We’ve solved them, but the "how" is constantly shifting. When we talk about image compression, we aren't just talking about making a file smaller. We are talking about a sophisticated balancing act involving three variables: encoding speed, decoding speed, and visual quality. JPEG was the king for thirty years because it hit a sweet spot that worked on the hardware of the nineties, but our displays have outpaced the math.
It’s wild to think JPEG is from nineteen ninety-two. That’s the same year the first text message was sent. We’ve gone from "u up?" to high-definition video calls, yet the primary way we store memories is still based on tech from the era of dial-up modems and floppy disks.

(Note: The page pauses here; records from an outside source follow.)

(* Let $\varphi:S^1\to S^1$ be a minimal orientation preserving circle homeomorphism with lift $\Phi$, and for $x_0\in\mathbb{R}$ let $\Gamma(x_0)$ be the curlicue generated by the orbit $u_n=\Phi^n(x_0)$. Then either $\Gamma(x_0)$ is bounded for every $x_0$, or $\Gamma(x_0)$ is unbounded for every $x_0$. Moreover, in the bounded case there is a closed curve $\tau=u(S^1)$, where $u:S^1\to\mathbb{C}$ is a continuous function, whose shape does not depend on $x_0$, such that for every $x_0$ the vertices of $\Gamma(x_0)$ lie on the translate $\tau-u(x_0)$ of $\tau$.
   Context: Identify $S^1=\mathbb{R}/\mathbb{Z}$ via $x\mapsto\exp(2\pi\imath x)$; a lift of $\varphi$ is a homeomorphism $\Phi:\mathbb{R}\to\mathbb{R}$ with $\Phi(x+1)=\Phi(x)+1$ projecting to $\varphi$. For a real sequence $u=(u_n)_{n\ge0}$, the curlicue is the piecewise linear curve in $\mathbb{C}$ passing consecutively through $z_0=0$ and $z_n=\sum_{k=0}^{n-1}\exp(2\pi\imath u_k)$, $n\ge1$; these $z_n$ are its vertices. A curve is bounded if it has finite diameter. *)

From Stdlib Require Import Reals.
From Coquelicot Require Import Coquelicot.
Open Scope R_scope.

Fixpoint iter_fun (f : R -> R) (n : nat) (x : R) : R :=
  match n with
  | O => x
  | S m => f (iter_fun f m x)
  end.

Definition e2pi (t : R) : C := (cos (2 * PI * t), sin (2 * PI * t)).

Definition is_lift_of_circle_homeo (Phi : R -> R) : Prop :=
  (forall x, continuous Phi x) /\
  (exists Psi : R -> R, (forall x, continuous Psi x) /\
     (forall x, Psi (Phi x) = x) /\ (forall y, Phi (Psi y) = y)) /\
  (forall x, Phi (x + 1) = Phi x + 1).

(* the projected homeomorphism preserves orientation iff its lift increases *)
Definition orientation_preserving (Phi : R -> R) : Prop :=
  forall x y, x < y -> Phi x < Phi y.

(* y (in R) lies over a point of the full (two-sided) orbit of the projection
   of x: y = Phi^n(x) or x = Phi^n(y), i.e. y = Phi^m(x) for some m in Z. *)
Definition in_full_orbit (Phi : R -> R) (x y : R) : Prop :=
  exists n : nat, iter_fun Phi n x = y \/ iter_fun Phi n y = x.

Definition minimal_lift (Phi : R -> R) : Prop :=
  forall x y eps, 0 < eps ->
    exists z (k : Z), in_full_orbit Phi x z /\ Rabs (z - y - IZR k) < eps.

Fixpoint curlicue_vertex (Phi : R -> R) (x0 : R) (n : nat) : C :=
  match n with
  | O => 0%C
  | S m => Cplus (curlicue_vertex Phi x0 m) (e2pi (iter_fun Phi m x0))
  end.

Definition curlicue (Phi : R -> R) (x0 : R) (w : C) : Prop :=
  exists (n : nat) (t : R), 0 <= t <= 1 /\
    w = Cplus (Cmult (RtoC (1 - t)) (curlicue_vertex Phi x0 n))
              (Cmult (RtoC t) (curlicue_vertex Phi x0 (S n))).

Definition bounded_set (S : C -> Prop) : Prop :=
  exists M : R, forall w v, S w -> S v -> Cmod (Cminus w v) <= M.

From Stdlib Require Import Reals Lra Lia Classical.
From Coquelicot Require Import Coquelicot.
Open Scope R_scope.

(* The vertices of the curlicue of x0 are the Birkhoff sums z_n = sum_{k<n} e2pi(Phi^k x0).
   If they are bounded for one x0, the Gottschalk-Hedlund argument, applied to each real
   component f of e2pi, solves g o Phi = g + f with g continuous and 1-periodic:
   g(x) = liminf of S_n f(x0) over the times n at which Phi^n(x0) tends to x modulo 1 is
   a lower semicontinuous solution (minimality makes every point such a limit); the same
   construction for -f gives a lower semicontinuous g' with g' o Phi = g' - f, and g + g'
   is Phi-invariant and lower semicontinuous, hence constant by minimality, so g is also
   upper semicontinuous. With u = (g_re, g_im), z_n = u(Phi^n x0) - u(x0) for every x0,
   and these are bounded since u is. *)

Definition sup (E : R -> Prop) : R := real (Lub_Rbar E).

Lemma Lub_Rbar_bounded (E : R -> Prop) (a B : R) :
  E a -> (forall t, E t -> t <= B) -> Lub_Rbar E = Finite (sup E).
Proof.
  intros Ea HB. unfold sup.
  destruct (Lub_Rbar_correct E) as [Hub Hlub].
  destruct (Lub_Rbar E) as [l| |]; simpl; [reflexivity | |].
  - destruct (Hlub (Finite B) HB).
  - destruct (Hub a Ea).
Qed.

Lemma sup_ub (E : R -> Prop) (B t : R) :
  (forall t, E t -> t <= B) -> E t -> t <= sup E.
Proof.
  intros HB Et. pose proof (Lub_Rbar_correct E) as [Hub _].
  rewrite (Lub_Rbar_bounded E t B Et HB) in Hub. exact (Hub t Et).
Qed.

Lemma sup_le (E : R -> Prop) (a M : R) :
  E a -> (forall t, E t -> t <= M) -> sup E <= M.
Proof.
  intros Ea HM. pose proof (Lub_Rbar_correct E) as [_ Hlub].
  rewrite (Lub_Rbar_bounded E a M Ea HM) in Hlub. exact (Hlub (Finite M) HM).
Qed.

Lemma sup_approx (E : R -> Prop) (a B eps : R) :
  E a -> (forall t, E t -> t <= B) -> 0 < eps -> exists t, E t /\ sup E - eps < t.
Proof.
  intros Ea HB Heps. apply NNPP. intros Hnone.
  enough (sup E <= sup E - eps) by lra.
  apply (sup_le E a); trivial.
  intros t Et. apply Rnot_lt_le. intros Ht. apply Hnone. eauto.
Qed.

Lemma continuous_eps_delta (f : R -> R) (x : R) :
  continuous f x <-> forall eps, 0 < eps ->
    exists d, 0 < d /\ forall y, Rabs (y - x) < d -> Rabs (f y - f x) < eps.
Proof.
  unfold continuous. rewrite <- continuity_pt_filterlim. split.
  - intros Hf eps Heps. destruct (Hf eps Heps) as [d [Hd Hfd]].
    exists d. split; trivial. intros y Hy.
    destruct (Req_dec y x) as [->|Hne].
    + rewrite Rminus_eq_0, Rabs_R0. exact Heps.
    + apply Hfd. repeat split; auto.
  - intros Hf eps Heps. destruct (Hf eps Heps) as [d [Hd Hfd]].
    exists d. split; trivial. intros y [_ Hy]. exact (Hfd y Hy).
Qed.

Definition lower_semicontinuous (f : R -> R) (x : R) : Prop :=
  forall eps, 0 < eps -> exists d, 0 < d /\ forall y, Rabs (y - x) < d -> f x - eps < f y.

Lemma lower_semicontinuous_plus (f g : R -> R) (x : R) :
  lower_semicontinuous f x -> lower_semicontinuous g x ->
  lower_semicontinuous (fun y => f y + g y) x.
Proof.
  intros Hf Hg eps Heps.
  destruct (Hf (eps / 2)) as [df [Hdf Hf']]; [lra|].
  destruct (Hg (eps / 2)) as [dg [Hdg Hg']]; [lra|].
  exists (Rmin df dg). split; [now apply Rmin_pos|]. intros y Hy.
  specialize (Hf' y (Rlt_le_trans _ _ _ Hy (Rmin_l df dg))).
  specialize (Hg' y (Rlt_le_trans _ _ _ Hy (Rmin_r df dg))). lra.
Qed.

Lemma continuous_of_semicontinuous (f : R -> R) (x : R) :
  lower_semicontinuous f x -> lower_semicontinuous (fun y => - f y) x -> continuous f x.
Proof.
  intros Hl Hu. apply continuous_eps_delta. intros eps Heps.
  destruct (Hl eps Heps) as [dl [Hdl Hl']]. destruct (Hu eps Heps) as [du [Hdu Hu']].
  exists (Rmin dl du). split; [now apply Rmin_pos|]. intros y Hy.
  specialize (Hl' y (Rlt_le_trans _ _ _ Hy (Rmin_l dl du))).
  specialize (Hu' y (Rlt_le_trans _ _ _ Hy (Rmin_r dl du))).
  apply Rabs_def1; lra.
Qed.

Lemma periodic_add_int (h : R -> R) :
  (forall x, h (x + 1) = h x) -> forall x (k : Z), h (x + IZR k) = h x.
Proof.
  intros Hh x k. induction k as [|k IH|k IH] using Z.peano_ind.
  - now rewrite Rplus_0_r.
  - now rewrite succ_IZR, <- Rplus_assoc, Hh.
  - rewrite <- IH, <- (Z.succ_pred k), succ_IZR, Z.pred_succ, <- Rplus_assoc, Hh.
    reflexivity.
Qed.

Lemma lift_add_int (F : R -> R) :
  (forall x, F (x + 1) = F x + 1) -> forall x (k : Z), F (x + IZR k) = F x + IZR k.
Proof.
  intros HF x k.
  assert (Hper : forall y, (fun y => F y - y) (y + 1) = (fun y => F y - y) y)
    by (intros y; simpl; rewrite HF; ring).
  pose proof (periodic_add_int _ Hper x k) as H. simpl in H. lra.
Qed.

It’s a testament to how good the original JPEG standard actually was. It’s based on something called the Discrete Cosine Transform, or DCT. To understand why your sky looks blocky, you have to understand that JPEG doesn't see an image as a whole. It breaks the entire picture into eight-by-eight pixel blocks.
Eight by eight? That seems tiny. Why such a specific, rigid number? Why not just look at the whole image at once?

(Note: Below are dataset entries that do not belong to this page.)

Lemma log_ratio_le0 al be q t : 0 <= al -> 0 <= be -> 0 < t <= q -> q < 1 ->
  be * q <= al * (1 - q) -> log_ratio al be q t <= 0.
Proof.
move=> al0 be0 /andP[t0 tq] q1 hmode.
have hX := mulr_lnB_le t0 (lt_le_trans t0 tq).
have hY := @mulr_lnB_le (1 - t) (1 - q) ltac:(lra) ltac:(lra).
have h1 : al * (1 - q) * (q * (ln t - ln q)) <= al * (1 - q) * (t - q).
  by apply: ler_wpM2l => //; nra.
have h2 : be * q * ((1 - q) * (ln (1 - t) - ln (1 - q))) <= be * q * (q - t).
  by apply: ler_wpM2l => //; nra.
have hsign : (q - t) * (be * q - al * (1 - q)) <= 0 by nra.
have pq0 : 0 < q * (1 - q) by nra.
rewrite -(pmulr_rle0 _ pq0) /log_ratio; nra.
Qed.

Because in nineteen ninety-two, the processors we had—like the Intel 486—would have literally caught fire trying to calculate the frequencies of a million-pixel image all at once. By breaking it into sixty-four-pixel chunks, the math becomes manageable. It’s a "divide and conquer" strategy. Within those sixty-four pixels, the algorithm is performing a mathematical ritual to decide what your eyes can actually see. It converts those spatial pixels into frequency components. Think of it like a musical chord. A complex image has high-frequency "notes"—sharp edges, fine textures—and low-frequency "notes"—broad washes of color.

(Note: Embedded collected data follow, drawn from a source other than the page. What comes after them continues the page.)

(* The tangent indicatrix satisfies T_T o phi = N, hence
   kappa kappa_T N_T = -kappa T + tau B with (kappa kappa_T)^2 = kappa^2 + tau^2, and
   B_T is (tau T + kappa B) / (kappa kappa_T). Writing tau/kappa as the ratio of the
   components of B_T along T and B and differentiating gives
   (tau/kappa)' = kappa kappa_T^2 tau_T, so the slant-helix invariant of alpha is
   tau_T / kappa_T.
   For the Mannheim-direction curve, T_beta is orthogonal to N_beta = B_T, so z = 0;
   differentiating T_beta . B_T = 0 and N_beta = B_T gives kappa_beta = tau_T y and
   tau_beta = tau_T x, while x' = kappa_T y and y' = -kappa_T x. Hence
   (tau_beta/kappa_beta)' = kappa_T / y^2 > 0 and the slant-helix invariant of beta is
   kappa_T / |tau_T|. Part (i) holds because on a nonempty interval both sides fail:
   alpha has kappa > 0 and beta has a non-constant tau_beta/kappa_beta. Part (ii)
   follows because tau_T has constant sign (tau_T y = kappa_beta > 0 with y continuous
   and nonvanishing on the interval phi(I)), so tau_T / kappa_T is constant iff
   kappa_T / |tau_T| is. *)

From Stdlib Require Import Reals Lra Psatz Classical.
From Coquelicot Require Import Coquelicot.
Open Scope R_scope.

Ltac vec_ring := unfold dot, cross, vadd, vscal, vx, vy, vz; simpl; ring.

Lemma vec_eta (u : vec) : u = (vx u, vy u, vz u).
Proof. now destruct u as [[? ?] ?]. Qed.

Lemma dot_comm u v : dot u v = dot v u.
Proof. vec_ring. Qed.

And since humans are famously bad at seeing fine detail in high-frequency areas, the algorithm just... tosses them in the bin?
Well, not exactly—sorry, I shouldn't say that. It quantizes them. It reduces the precision of those high-frequency components. If you have a slider in your photo editor that says "Quality: seventy percent," what you’re actually doing is telling the quantization table to be more aggressive about rounding those numbers down to zero. When you push it too far, the math can no longer bridge the gap between those eight-by-eight blocks, and that is where the "blocking artifacts" come from. The edges of the math become visible to the naked eye.
It’s like a painter who only has a certain amount of paint, so they spend all of it on the person’s face and then just use a big, dirty sponge for the background. It looks fine from across the room, but if you get close, you see the sponge marks.
That’s a perfect analogy. And for thirty years, we just accepted the sponge marks because the alternative was a file so large it would take five minutes to download. But it’s the ultimate "fake it till you make it" strategy. It worked! It’s the reason the early web didn't take forty minutes to load a single headshot. But we’ve moved past the "Holy Trinity" of JPEG, PNG, and GIF now, right?
We definitely have, though it took a surprisingly long time to dethrone the king. For a long time, if you wanted transparency, you had to use PNG, which is lossless but produces massive files. If you wanted animation, you used GIF, which is limited to two hundred fifty-six colors and is essentially a digital fossil at this point. Then, in twenty-ten, Google entered the chat with WebP.
Ah, WebP. The format that every time I try to "Save Image As" from a browser, I get annoyed because my local image viewer from twenty-fifteen doesn't know what to do with it.
You’ve got to update your viewer, Corn! But your frustration is actually a sign of its success. WebP was a brilliant bit of recycling. Google took the intra-frame coding technology from the VP8 video codec and wrapped it into an image format. It brought a concept called "predictive coding" to the table.
Predictive coding sounds like something an AI would do. Is the file trying to guess what I’m looking at?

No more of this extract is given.